The bitter lesson is coming for tokenization

Expressivity and Theoretical Bottlenecks

  • OP claims: with ~15k tokens and 1k-dimensional embeddings, the next-token distribution is limited to rank 1k, constraining which probability distributions are representable.
  • Replies note high-dimensional geometry: exponentially many almost-orthogonal vectors can exist, so practical expressivity is much larger than intuition suggests, though not enough to represent arbitrary distributions.
  • Some argue nonlinearity and deep networks break the simple linear “1k degrees of freedom” story; others point to work on “unargmaxable” outputs in bottlenecked networks as real but rare edge cases.

Tokenization, Characters, and the “Strawberry r’s” Meme

  • Several comments explain that subword tokenization hides character structure: “strawberry” might be a few opaque tokens, so models must effectively memorize letter composition per token to count letters.
  • Evidence from in-review work: counting accuracy declines as the target character is buried inside multi-character tokens.
  • Others are skeptical, arguing:
    • We lack clear demonstrations that character-level models can reliably “count Rs”.
    • RLHF and training on many counting prompts suggest the limitation is not purely tokenization.
  • There’s recognition that models don’t “see” characters; they see embeddings, and any character-level reasoning is an extra learned indirection.

Math, Logic, and Number Tokenization

  • Several posts claim logical/mathematical failures are strongly tied to tokenization, especially how numbers are split.
  • Cited work shows large gains when numbers are tokenized right-to-left in fixed 3-digit groups (e.g., 1 234 567) and when all small digit-groups are in-vocab.
  • Other research: treating numbers as special tokens with attached numeric values so arithmetic is done on real numbers rather than digit strings.
  • Some argue LLMs are the wrong tool for exact arithmetic; better is: LLM selects the right formula and delegates computation to a calculator engine.
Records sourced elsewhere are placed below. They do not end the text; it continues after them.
(* The (Euclidean) metric topology of C = R[i], induced by its norm. *)
HB.instance Definition _ (R : rcfType) :=
  PseudoPointedMetric.copy R[i] (R[i] : numFieldType)^o.

Lemma card_setC_ord (N : nat) (L : {set 'I_N}) : #|~: L| = (N - #|L|)%N.
Proof. move: (cardsC L); rewrite card_ord; move: #|~: L| #|L| => k m <-; by rewrite addKn. Qed.

(* phi : P_{N(L)} -> P_N \ L, the strictly increasing bijection:
   the j-th element (in increasing order) of the complement of L. *)
Definition phi (N : nat) (L : {set 'I_N}) (j : 'I_(N - #|L|)) : 'I_N :=
  enum_val (cast_ord (esym (card_setC_ord L)) j).

Arguments phi {N} L j.

Definition hatv (T : Type) (N : nat) (L : {set 'I_N}) (v : 'rV[T]_N)
  : 'rV[T]_(N - #|L|) := \row_j v ord0 (phi L j).

Arguments hatv {T N} L v.

Section Defs.
Variable R : realType.
Local Notation C := (R[i]).

(* The ambient space C x C^N x R^N (vectors in C^N, R^N are row vectors
   indexed by 'I_N, i.e. index l in P_N corresponds to ordinal l-1). *)
Definition Dom (N : nat) := (C * 'rV[C]_N * 'rV[R]_N)%type.

Definition Ccone (z : C) : Prop :=
  0 < complex.Re z \/ (complex.Re z = 0 /\ 0 < complex.Im z).
Definition in_mCcone (z : C) : Prop := Ccone (- z).
Definition in_iRstar (z : C) : Prop := complex.Re z = 0 /\ complex.Im z != 0.
Definition in_Copen (z : C) : Prop := 0 < complex.Re z.
Definition is_integer (t : R) : Prop := exists k : int, t = k%:~R.

(* \mathbb{D}_N  (for N = 0 this is C x C^0 x R^0, identified with C) *)
#[local] Unset Implicit Arguments.
Definition bbD (N : nat) : set (Dom N) :=
  [set x : Dom N | forall l : 'I_N, x.1.2 ord0 l = 0 -> ~ is_integer (x.2 ord0 l)].

Definition pi_full (N : nat) (x : Dom N) : C :=
  x.1.1 - \sum_(l < N | `[< in_mCcone (x.1.2 ord0 l) >]) x.1.2 ord0 l.

Definition calD (N : nat) : set (Dom N) :=
  [set x : Dom N | bbD N x /\ in_Copen (pi_full N x) /\
           forall l : 'I_N, ~ in_iRstar (x.1.2 ord0 l)].

Definition calD_int (N : nat) : set (Dom N) := interior (calD N).

(* pi_L : D_N -> D_{N(L)}, given uniformly (covers L = empty, L = P_N
   with the identification C x C^0 x R^0 = C, and proper subsets). *)
Definition projL (N : nat) (L : {set 'I_N}) (x : Dom N) : Dom (N - #|L|) :=
  (x.1.1 - \sum_(l < N | (l \in L) && `[< in_mCcone (x.1.2 ord0 l) >])
             x.1.2 ord0 l,
   hatv L x.1.2, hatv L x.2).

End Defs.

Arguments projL {R N} L x.

(* pi_L deletes the coordinates indexed by L and moves those of the deleted a_l
   lying in -C into w; as phi L enumerates the complement of L increasingly,
   deleting lam after L deletes phi L @: lam :|: L, and pi (pi_L x) = pi x.
   Right inverses of pi_L pad a point with a_l = d, theta_l = t on L, where
   d is not in -C, so nothing moves into w: d = 1 in general, and d = 0,
   t = 1/2 to reach the interior of D, which is exactly the part of D where all
   a_l are nonzero (all defining conditions are then open, while a zero entry
   can be pushed into iR^* ).  Writing Tr(a, a^-1[-C]) = sum_l a_l 1_{-C}(a_l),
   continuity follows since z 1_{-C}(z) is continuous off iR^*, and
   Re pi(w, a, theta) = Re w - sum_l min(Re a_l, 0) is continuous everywhere. *)

From HB Require Import structures.
From mathcomp Require Import all_boot all_order all_algebra.
From mathcomp Require Import all_classical all_reals all_analysis.
From mathcomp Require Import complex.
Import numFieldNormedType.Exports.
Import Order.TTheory GRing.Theory Num.Theory.

Set Implicit Arguments.
Unset Strict Implicit.
Unset Printing Implicit Defensive.

Local Open Scope ring_scope.
Local Open Scope classical_set_scope.

Lemma sorted_enum_set (n : nat) (A : {set 'I_n}) : sorted <%O (enum A).
Proof.
rewrite /enum_mem -enumT; apply: lt_sorted_filter.
by have := iota_ltn_sorted 0 n; rewrite -val_enum_ord sorted_map.
Qed.

Lemma phiE (N : nat) (L : {set 'I_N}) x0 i : phi L i = nth x0 (enum (~: L)) i.
Proof. by rewrite /phi (enum_val_nth x0). Qed.

Section Phi.
Variables (N : nat) (L : {set 'I_N}).

Lemma phi_inj : injective (phi L).
Proof. by move=> i j /enum_val_inj /cast_ord_inj. Qed.

Lemma phi_notin i : phi L i \notin L.
Proof. by have := enum_valP (cast_ord (esym (card_setC_ord L)) i); rewrite inE. Qed.

Lemma phi_surj k : k \notin L -> exists i, phi L i = k.
Proof.
move=> kL; have kC : k \in ~: L by rewrite inE.
exists (cast_ord (card_setC_ord L) (enum_rank_in kC k)).
by rewrite /phi cast_ordK enum_rankK_in.
Qed.

Lemma phi_lt : {homo phi L : i j / (i < j)%O}.
Proof.
move=> i j ij; rewrite (phiE (phi L i) i) (phiE (phi L i) j).
have sizeC : size (enum (~: L)) = (N - #|L|)%N by rewrite -cardE card_setC_ord.
by rewrite lt_sorted_ltn_nth ?sorted_enum_set ?inE ?sizeC.
Qed.

Lemma map_phi_enum (lam : {set 'I_(N - #|L|)}) :
  map (phi L) (enum (~: lam)) = enum (~: (phi L @: lam :|: L)).
Proof.
apply: lt_sorted_eq; first exact: homo_sorted phi_lt _ (sorted_enum_set _).
  exact: sorted_enum_set.
move=> k; rewrite mem_enum !inE negb_or; apply/mapP/andP.
  move=> [j]; rewrite mem_enum inE => jNlam ->.
  by rewrite (mem_imset _ _ phi_inj) jNlam phi_notin.
move=> [kNim /phi_surj [j jk]]; exists j => //.
by rewrite mem_enum inE -(mem_imset _ _ phi_inj) jk.
Qed.

Lemma card_phi_setU (lam : {set 'I_(N - #|L|)}) :
  (N - #|L| - #|lam| = N - #|phi L @: lam :|: L|)%N.
Proof. by have := congr1 size (map_phi_enum lam); rewrite size_map -!cardE !card_setC_ord. Qed.

Lemma phi_comp (lam : {set 'I_(N - #|L|)}) j :
  phi L (phi lam j) = phi (phi L @: lam :|: L) (cast_ord (card_phi_setU lam) j).
Proof.
rewrite [RHS](phiE (phi L (phi lam j))) -map_phi_enum (nth_map (phi lam j)) -?phiE //.
by rewrite -cardE card_setC_ord; exact: ltn_ord j.
Qed.

Lemma big_setU_imset_phi (V : nmodType) (lam : {set 'I_(N - #|L|)}) (F : 'I_N -> V) :
  \sum_(l in phi L @: lam :|: L) F l = \sum_(j in lam) F (phi L j) + \sum_(l in L) F l.
Proof.
rewrite -(big_imset _ (in2W phi_inj)) -bigU /=.
  by apply: eq_bigl => l; rewrite !inE.
rewrite fintype.disjoint_subset; apply/fintype.subsetP => _ /imsetP[j _ ->].
by rewrite inE /= phi_notin.
Qed.

Lemma big_split_phi (V : nmodType) (F : 'I_N -> V) :
  \sum_(l < N) F l = \sum_(l in L) F l + \sum_(j < N - #|L|) F (phi L j).
Proof.
rewrite (bigID (mem L)) /=; congr (_ + _).
rewrite -(big_imset _ (in2W phi_inj)) /=; apply: eq_bigl => l.
apply/idP/imsetP => [/phi_surj [j <-]|[j _ ->]]; last exact: phi_notin.
by exists j.
Qed.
Bytes, UTF-8, and Raw Representations

  • “Bytes is tokenization”: using raw bytes (often via UTF-8) is seen by some as the ultimate generic scheme, avoiding out-of-vocabulary issues with a 256-token alphabet.
  • Counterpoint: UTF-8 itself is a biased human-designed tokenizer over Unicode; models are not guaranteed to output valid UTF-8, and rare codepoints can be badly trained.
  • New encoding schemes are being explored to better match modeling needs and reduce “glitch tokens”.

Bitter Lesson, Compute vs Clever Tricks

  • Debate centers on whether tokenization is the next domain where the Bitter Lesson (general methods + compute beat handcrafted structure) will apply.
  • Some say it already did: simple statistically learned subword tokenizers outperformed linguistically sophisticated morphology-based approaches.
  • Others highlight counterexamples where architectural tweaks to tokenization (e.g., special indentation tokens in Python, better numeric chunking) give large, practical improvements—evidence that cleverness still matters.
  • There’s concern that over-relying on “just scale compute” can obscure simpler, more principled solutions and slow genuine understanding.

Costs, Scaling, and Energy

  • A claim that training frontier models costs “around median country GDP” is challenged with data: estimated compute costs for GPT‑4 or Gemini Ultra are in the tens or low hundreds of millions of dollars, far below ~$40–50B median GDP.
  • People discuss GDP measures (PPP vs nominal) and note training cost estimates are rough and incomplete (hardware, engineering, data, etc.).
  • Another angle compares theoretical human brain energy (a few fast-food meals/day) versus enormous current AI energy use, suggesting large headroom for efficiency improvements.

Determinism, Capability, and AGI Limits

  • Clarification: the model function is deterministic; nondeterminism comes from sampling, numerical instability, and changing deployments.
  • Some argue DAG-like, immutable-at-runtime transformers can never reach AGI; others counter that with sufficiently long context and high throughput, such models could be effectively general, and that “immutability” is a modeling convenience, not a hard theoretical limit.
  • Theory papers showing transformers can simulate universal algorithms are cited; critics note these are existence proofs, not guarantees that gradient-based training will find such solutions.

Future Directions: Learned or Mixed Tokenizations

  • Multiple commenters imagine mixtures of tokenizations:
    • A learned module that dynamically chooses token boundaries (e.g., via a small transformer predicting token endpoints) so models can “skim” unimportant text and compress context.
    • Mixture-of-experts where each expert has its own domain-specific tokenization.
  • Character-level and byte-level models (e.g., Byte-Latent Transformers) are seen as moves toward end-to-end learned representations, but questions remain about efficiency and performance on math and reasoning.
  • Overall sentiment: tokenization is likely suboptimal today; compute scaling will help, but domain-aware or learned tokenization will probably deliver important gains before “just bytes + huge models” fully wins.